• [TASK BRIEF] Find the line containing "have [Ha Hb] := notin_uniq_mid Hu." in the listing below. Repeat it exactly, along with each following line up to and including the one containing "case: b Hb Hjle".

------

(* Write σ = u n v, so that σ' = u v.  Inserting n changes only the right
   neighbour of x = last u and the left neighbour of y = head v, and it makes
   both comparisons x < next x and y < prev y true.  As x and y are adjacent
   in σ', exactly one of them was false before: the first step of x if y < x,
   the second step of y if x < y.  The letter n itself contributes ↘↘ (↗↘ if it
   is the last letter).  So Δ(σ) is Δ(σ') with one down step turned up and two
   steps appended; from that step on Δ(σ) runs two units higher, and the new
   cells form the strip directly below Δ(σ), one per column: a ribbon.  The
   position of the flipped step tells where n was inserted. *)

(** * Heights and cell paths *)

Lemma height0 P : height P 0 = 0%R.
Proof. by rewrite /height big_ord0. Qed.

Lemma height_up P x : nth false P x -> height P x.+1 = (height P x + 1)%R.
Proof. by move=> H; rewrite /height big_ord_recr /= H. Qed.

Lemma height_down P x : nth false P x = false -> height P x.+1 = (height P x - 1)%R.
Proof. by move=> H; rewrite /height big_ord_recr /= H. Qed.

Lemma height_parity P x : exists z : int, height P x = (x%:Z - 2 * z)%R.
Proof.
elim: x => [|x [z Hz]]; first by exists 0%R; rewrite height0.
case E: (nth false P x).
  by exists z; rewrite height_up // Hz; lia.
by exists (z + 1)%R; rewrite height_down // Hz; lia.
Qed.

Lemma dyck_height P :
  dyck P <-> (forall x, x <= size P -> (0 <= height P x)%R) /\ height P (size P) = 0%R.
Proof.
split=> [/andP [/forallP H /eqP H0]|[H H0]].
  by split=> // x Hx; have := H (Ordinal (Hx : x < (size P).+1)).
by apply/andP; split; [apply/forallP=> x; apply: H; rewrite -ltnS | apply/eqP].
Qed.

Definition linked (R : pred cell) (x y : cell) :=
  exists q, [&& path adj x q, last x q == y & all R q].

Lemma linked_trans R x y z : linked R x y -> linked R y z -> linked R x z.
Proof.
move=> [q1 /and3P [P1 /eqP L1 A1]] [q2 /and3P [P2 /eqP L2 A2]].
by exists (q1 ++ q2); rewrite cat_path last_cat L1 P1 P2 L2 all_cat A1 A2 eqxx.
Qed.

Lemma linked_adj (R : pred cell) x y : adj x y -> R y -> linked R x y.
Proof. by move=> A Ry; exists [:: y]; rewrite /= A Ry eqxx. Qed.

(** * Turning one down step up *)

Section FlipDownStep.

Variables (D E : seq bool) (p : nat).
Hypotheses (size_E : size E = (size D).+2) (p_le : p <= size D)
  (nth_E_off : forall i, i < size D -> i != p -> nth false E i = nth false D i)
  (nth_flip : p < size D -> nth false D p = false /\ nth false E p = true)
  (nth_E_end : nth false E (size D) = (p == size D))
  (nth_E_last : nth false E (size D).+1 = false).
(* That is, [E] is [D] with its down step at [p] turned up, followed by ↘↘;
   or [p = size D] and [E] is [D] followed by ↗↘. *)

Lemma height_flip x : x <= size D ->
  height E x = (height D x + (if (p < x)%N then 2 else 0))%R.
Proof.
elim: x => [|x IH] Hx; first by rewrite !height0.
have [Exp|Hxp] := eqVneq x p.
  subst x; have [HD HE] := nth_flip Hx.
  rewrite height_up // height_down // IH ?ltnn ?ltnSn /=; lia.
have -> : (p < x.+1) = (p < x) by lia.
have HE := nth_E_off Hx Hxp; case ED: (nth false D x).
  by rewrite height_up ?HE // height_up // IH; [case: (p < x); lia | lia].
by rewrite height_down ?HE // height_down // IH; [case: (p < x); lia | lia].
Qed.

Hypothesis dyck_D : dyck D.

Let height_D_ge0 x : x <= size D -> (0 <= height D x)%R.
Proof. by case/dyck_height: dyck_D => H _; apply: H. Qed.

Let height_D_end : height D (size D) = 0%R.
Proof. by case/dyck_height: dyck_D. Qed.

Lemma height_flip_end1 : height E (size D).+1 = 1%R.
Proof.
case: (ltngtP p (size D)) => Hc; try lia.
  rewrite height_down; last by rewrite nth_E_end; apply/eqP; lia.
  by rewrite height_flip // height_D_end Hc; lia.
by rewrite height_up ?nth_E_end ?Hc // height_flip // height_D_end Hc ltnn; lia.
Qed.

Lemma height_flip_end : height E (size D).+2 = 0%R.
Proof. by rewrite height_down // height_flip_end1; lia. Qed.

Lemma dyck_flip : dyck E.
Proof.
apply/dyck_height; rewrite size_E; split=> [x Hx|]; last exact: height_flip_end.
case: (leqP x (size D)) => H1.
  by rewrite height_flip //; have := height_D_ge0 H1; case: (p < x); lia.
have [->|->] : x = (size D).+1 \/ x = (size D).+2 by lia.
  by rewrite height_flip_end1.
by rewrite height_flip_end.
Qed.

Lemma in_shape_flip c : in_shape D c -> in_shape E c.
Proof.
case: c => a b; rewrite /in_shape /= size_E => /and3P [H1 H2 H3].
apply/and3P; split=> //; first by lia.
by rewrite height_flip; [case: (p < a.+1); lia | lia].
Qed.

Lemma in_shape_flip_before a b : a < p -> in_shape E (a, b) -> in_shape D (a, b).
Proof.
move=> Hap; rewrite /in_shape /= => /and3P [Hod _].
rewrite height_flip ?ifF; try lia.
move=> Hb; have [Ea|Ha] : a.+1 = size D \/ a + 2 <= size D by lia.
  by move: Hb; rewrite Ea height_D_end; lia.
by apply/and3P; split=> //; lia.
Qed.

Lemma in_shape_flip_below a b : p <= a -> (b.+3%:Z <= height E a.+1)%R ->
  in_shape E (a, b) -> in_shape D (a, b).
Proof.
move=> Hpa Hb; rewrite /in_shape /= size_E => /and3P [Hod Ha _].
have [Ea|Ha1] : a = size D \/ a.+1 <= size D by lia.
  by move: Hb; rewrite Ea height_flip_end1; lia.
move: Hb; rewrite height_flip ?ifT; try lia.
move=> Hb; have [Ea|Ha2] : a.+1 = size D \/ a + 2 <= size D by lia.
  by move: Hb; rewrite Ea height_D_end; lia.
by apply/and3P; split=> //; lia.
Qed.

Let skew c := in_shape E c && ~~ in_shape D c.

(* Beyond column [p] the path [E] runs exactly two units above [D], so each
   column from [p] on gains exactly the one cell lying directly below [E]. *)
Lemma skewE a b :
  skew (a, b) = (p <= a <= size D) && (b.+1%:Z == height E a.+1)%R.
Proof.
have [z Hz] := height_parity E a.+1.
apply/idP/idP.
  case/andP=> HE HnD; move: (HE); rewrite /in_shape /= size_E => /and3P [Hod Ha Hb].
  have Hpa : p <= a.
    by case: ltnP => // Hap; case/negP: HnD; exact: in_shape_flip_before.
  rewrite Hpa /=; apply/andP; split; first by lia.
  apply/eqP.
  have [//|Hlt] : (b.+1%:Z = height E a.+1 \/ b.+3%:Z <= height E a.+1)%R by lia.
  by case/negP: HnD; exact: in_shape_flip_below.
case/andP=> /andP [Hpa Ha] /eqP Hb; rewrite /skew /in_shape /= size_E -Hb lexx andbT.
have -> /= : ~~ odd (a + b) by lia.
apply/andP; split; first by lia.
by apply/negP=> /andP [Ha2 HD]; move: HD Hb; rewrite height_flip ?ifT; lia.
Qed.

Lemma height_flip_pos a : p <= a <= size D -> (1 <= height E a.+1)%R.
Proof.
case/andP=> H1 H2; case: (ltngtP a (size D)) => Ha; try lia.
  rewrite height_flip; last by lia.
  have -> : p < a.+1 by lia.
  have := @height_D_ge0 a.+1 ltac:(lia); lia.
by rewrite Ha height_flip_end1.
Qed.

Definition top_cell a : cell := (a, (absz (height E a.+1)).-1).

Lemma skew_top_cell a : p <= a <= size D -> skew (top_cell a).
Proof. by move=> H; rewrite /top_cell skewE H /=; apply/eqP; have := height_flip_pos H; lia. Qed.

Lemma skew_cellE c : skew c -> p <= c.1 <= size D /\ c = top_cell c.1.
Proof.
case: c => a b; rewrite skewE => /andP [H /eqP Hb]; split=> //.
by rewrite /top_cell /=; congr (_, _); lia.
Qed.

Lemma adj_top_cell a : p <= a < size D ->
  adj (top_cell a) (top_cell a.+1) /\ adj (top_cell a.+1) (top_cell a).
Proof.
move=> Ha; have P1 := @height_flip_pos a ltac:(lia).
have := @height_flip_pos a.+1 ltac:(lia).
rewrite /adj /top_cell /= eqxx /= orbT /=.
case Eb: (nth false E a.+1).
  by rewrite !(height_up Eb) => P2; split; apply/orP; lia.
by rewrite !(height_down Eb) => P2; split; apply/orP; lia.
Qed.

Lemma linked_top_cells a d : p <= a -> a + d <= size D ->
  linked skew (top_cell a) (top_cell (a + d)) /\ linked skew (top_cell (a + d)) (top_cell a).
Proof.
move=> Ha; elim: d => [|d IH] Hd.
  by rewrite addn0; split; exists [::]; rewrite /= eqxx.
have [I1 I2] := IH ltac:(lia).
have [A1 A2] := @adj_top_cell (a + d) ltac:(lia).
rewrite addnS; split.
  by apply: linked_trans I1 (linked_adj A1 _); apply: skew_top_cell; lia.
by apply: linked_trans (linked_adj A2 _) I2; apply: skew_top_cell; lia.
Qed.

Lemma ribbon_skew : ribbon skew.
Proof.
split; [|split].
- by exists (top_cell (size D)); apply: skew_top_cell; lia.
- move=> x y /skew_cellE [Hx ->] /skew_cellE [Hy ->].
  case: (leqP x.1 y.1) => Hxy.
    have [+ _] := @linked_top_cells x.1 (y.1 - x.1) ltac:(lia) ltac:(lia).
    by rewrite subnKC.
  have [_] := @linked_top_cells y.1 (x.1 - y.1) ltac:(lia) ltac:(lia).
  by rewrite subnKC // ltnW.
- move=> a b; apply/negP => /and4P [_ H1 H2 _].
  by move: H1 H2; rewrite !skewE => /andP [_ /eqP E1] /andP [_ /eqP E2]; lia.
Qed.

Lemma ribbon_sub_flip : ribbon_sub D E.
Proof.
by split; [| exact: dyck_flip | rewrite size_E addn2 | exact: in_shape_flip | exact: ribbon_skew].
Qed.

End FlipDownStep.

(** * Profiles read off neighbours *)

Definition neighbour_steps (s : seq nat) j := [:: j < next_val s j; j < prev_val s j].

Lemma notin_uniq_mid (T : eqType) (a b : seq T) (j : T) :
  uniq (a ++ j :: b) -> j \notin a /\ j \notin b.
Proof. by rewrite cat_uniq /= => /and3P [_ /norP [Hja _] /andP [Hjb _]]. Qed.

Lemma prev_val_cat a j b : j \notin a -> prev_val (a ++ j :: b) j = last 0 a.
Proof.
move=> H; rewrite /prev_val index_cat (negbTE H) /= eqxx addn0.
rewrite -cat_cons nth_cat /= ltnSn.
by case: a {H} => [|c a] //=; rewrite -[RHS]/(last 0 (c :: a)) -nth_last.
Qed.

Lemma next_val_cat a j b : j \notin a ->
  next_val (a ++ j :: b) j = head (size (a ++ j :: b)).+1 b.
Proof.
move=> H; rewrite /next_val index_cat (negbTE H) /= eqxx addn0.
by rewrite nth_cat ltnNge leqnSn /= subSn // subnn; case: b.
Qed.

Lemma profile_stepsE s j : j != 0 -> (forall x, x \in s -> x <= size s) -> uniq s ->
  j \in s -> profile_steps s j = neighbour_steps s j.
Proof.
move=> Hj0 Hle Hu /splitPr Hs; case: Hs Hle Hu => a b Hle Hu.
have [Ha Hb] := notin_uniq_mid Hu.
have Hjle : j <= size (a ++ j :: b) by apply: Hle; rewrite mem_cat mem_head orbT.
rewrite /neighbour_steps /profile_steps /is_valley /is_peak /is_dasc /is_ddesc.
rewrite prev_val_cat // next_val_cat //.
have Hp : last 0 a != j.
  apply/eqP=> Hl; have := mem_last 0 a; rewrite Hl inE (negbTE Ha) orbF.
  by rewrite (negbTE Hj0).
have Hn : head (size (a ++ j :: b)).+1 b != j.
  case: b Hb Hjle {Hu Hle} => [|c b] Hb Hjle /=; first by rewrite neq_ltn ltnS Hjle orbT.
  by apply/eqP=> Hc; move: Hb; rewrite -Hc mem_head.
move: Hp Hn; set P := last 0 a; set N := head _ b.
by case: (ltngtP P j); case: (ltngtP j N).
Qed.

Lemma size_flatten_pairs (F : nat -> seq bool) a k : (forall j, size (F j) = 2) ->
  size (flatten (map F (iota a k))) = 2 * k.
Proof. by move=> HF; elim: k a => [|k IH] a //=; rewrite size_cat HF IH; lia. Qed.

Lemma nth_flatten_pairs (F : nat -> seq bool) a k i : (forall j, size (F j) = 2) ->
  i < 2 * k -> nth false (flatten (map F (iota a k))) i = nth false (F (a + i./2)) (odd i).
Proof.
move=> HF; elim: k a i => [|k IH] a i; first by lia.
move=> Hi /=; rewrite nth_cat HF.
case: i Hi => [|[|i]] Hi /=; rewrite ?addn0 //.
rewrite IH; last by lia.
have -> : i.+2 - 2 = i by lia.
by rewrite negbK; congr (nth _ (F _) _); lia.
Qed.

Lemma size_profile_steps s j : size (profile_steps s j) = 2.
Proof. by rewrite /profile_steps; repeat case: ifP. Qed.

Lemma size_profile s : size (profile s) = 2 * size s.
Proof. exact: size_flatten_pairs (size_profile_steps s). Qed.

Lemma nth_profile s i : perm_eq s (iota 1 (size s)) -> i < 2 * size s ->
  nth false (profile s) i = nth false (neighbour_steps s (i./2).+1) (odd i).
Proof.
move=> Hp Hi; rewrite /profile nth_flatten_pairs //; last exact: size_profile_steps.
rewrite add1n profile_stepsE //.
- by move=> x; rewrite (perm_mem Hp) mem_iota /=; lia.
- by rewrite (perm_uniq Hp) iota_uniq.
- by rewrite (perm_mem Hp) mem_iota; lia.
Qed.

Lemma rem_cat_notin (T : eqType) (x : T) u v : x \notin u -> rem x (u ++ x :: v) = u ++ v.
Proof.
elim: u => [|c u IH] /=; first by rewrite eqxx.
by rewrite inE negb_or eq_sym => /andP [/negbTE -> /IH ->].
Qed.

(** * Inserting the largest letter *)

Section InsertMax.

Variables (n : nat) (u v : seq nat).
Let s := u ++ n.+1 :: v.
Let s' := u ++ v.
Hypothesis perm_s : perm_eq s (iota 1 n.+1).

Lemma size_insert : size s = n.+1.
Proof. by rewrite (perm_size perm_s) size_iota. Qed.

Lemma size_delete : size s' = n.
Proof. by have := size_insert; rewrite /s /s' !size_cat /=; lia. Qed.

Lemma uniq_insert : uniq s.
Proof. by rewrite (perm_uniq perm_s) iota_uniq. Qed.

Lemma uniq_delete : uniq s'.
Proof. exact: subseq_uniq (cat_subseq (subseq_refl u) (subseq_cons v n.+1)) uniq_insert. Qed.

Lemma max_notin : n.+1 \notin u /\ n.+1 \notin v.
Proof. exact: notin_uniq_mid uniq_insert. Qed.

Lemma mem_delete x : (x \in s') = (1 <= x <= n).
Proof.
have [Hu Hv] := max_notin.
have := perm_mem perm_s x; rewrite /s /s' mem_iota !mem_cat inE.
case: (eqVneq x n.+1) => [->|Hx]; first by rewrite (negbTE Hu) (negbTE Hv); lia.
by rewrite /= => ->; move: Hx; lia.
Qed.

Lemma last_range u0 x : u = rcons u0 x -> 1 <= x <= n.
Proof. by move=> Eu; rewrite -mem_delete /s' Eu mem_cat mem_rcons mem_head. Qed.

Lemma head_range y v' : v = y :: v' -> 1 <= y <= n.
Proof. by move=> Ev; rewrite -mem_delete /s' Ev mem_cat mem_head orbT. Qed.

Lemma perm_delete : perm_eq s' (iota 1 n).
Proof.
apply: uniq_perm; [exact: uniq_delete | exact: iota_uniq |].
by move=> x; rewrite mem_delete mem_iota; lia.
Qed.

Lemma sigma_prime_insert : sigma_prime s = s'.
Proof. by rewrite /sigma_prime size_insert rem_cat_notin //; case: max_notin. Qed.

Lemma nth_profile_insert i : i < (2 * n).+2 ->
  nth false (profile s) i = nth false (neighbour_steps s (i./2).+1) (odd i).
Proof. by move=> Hi; apply: nth_profile; rewrite size_insert //; lia. Qed.

Lemma nth_profile_delete i : i < 2 * n ->
  nth false (profile s') i = nth false (neighbour_steps s' (i./2).+1) (odd i).
Proof. by move=> Hi; apply: nth_profile; rewrite size_delete //; exact: perm_delete. Qed.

------

• [TASK SOLUTION]
have [Ha Hb] := notin_uniq_mid Hu.
have Hjle : j <= size (a ++ j :: b) by apply: Hle; rewrite mem_cat mem_head orbT.
rewrite /neighbour_steps /profile_steps /is_valley /is_peak /is_dasc /is_ddesc.
rewrite prev_val_cat // next_val_cat //.
have Hp : last 0 a != j.
  apply/eqP=> Hl; have := mem_last 0 a; rewrite Hl inE (negbTE Ha) orbF.
  by rewrite (negbTE Hj0).
have Hn : head (size (a ++ j :: b)).+1 b != j.
  case: b Hb Hjle {Hu Hle} => [|c b] Hb Hjle /=; first by rewrite neq_ltn ltnS Hjle orbT.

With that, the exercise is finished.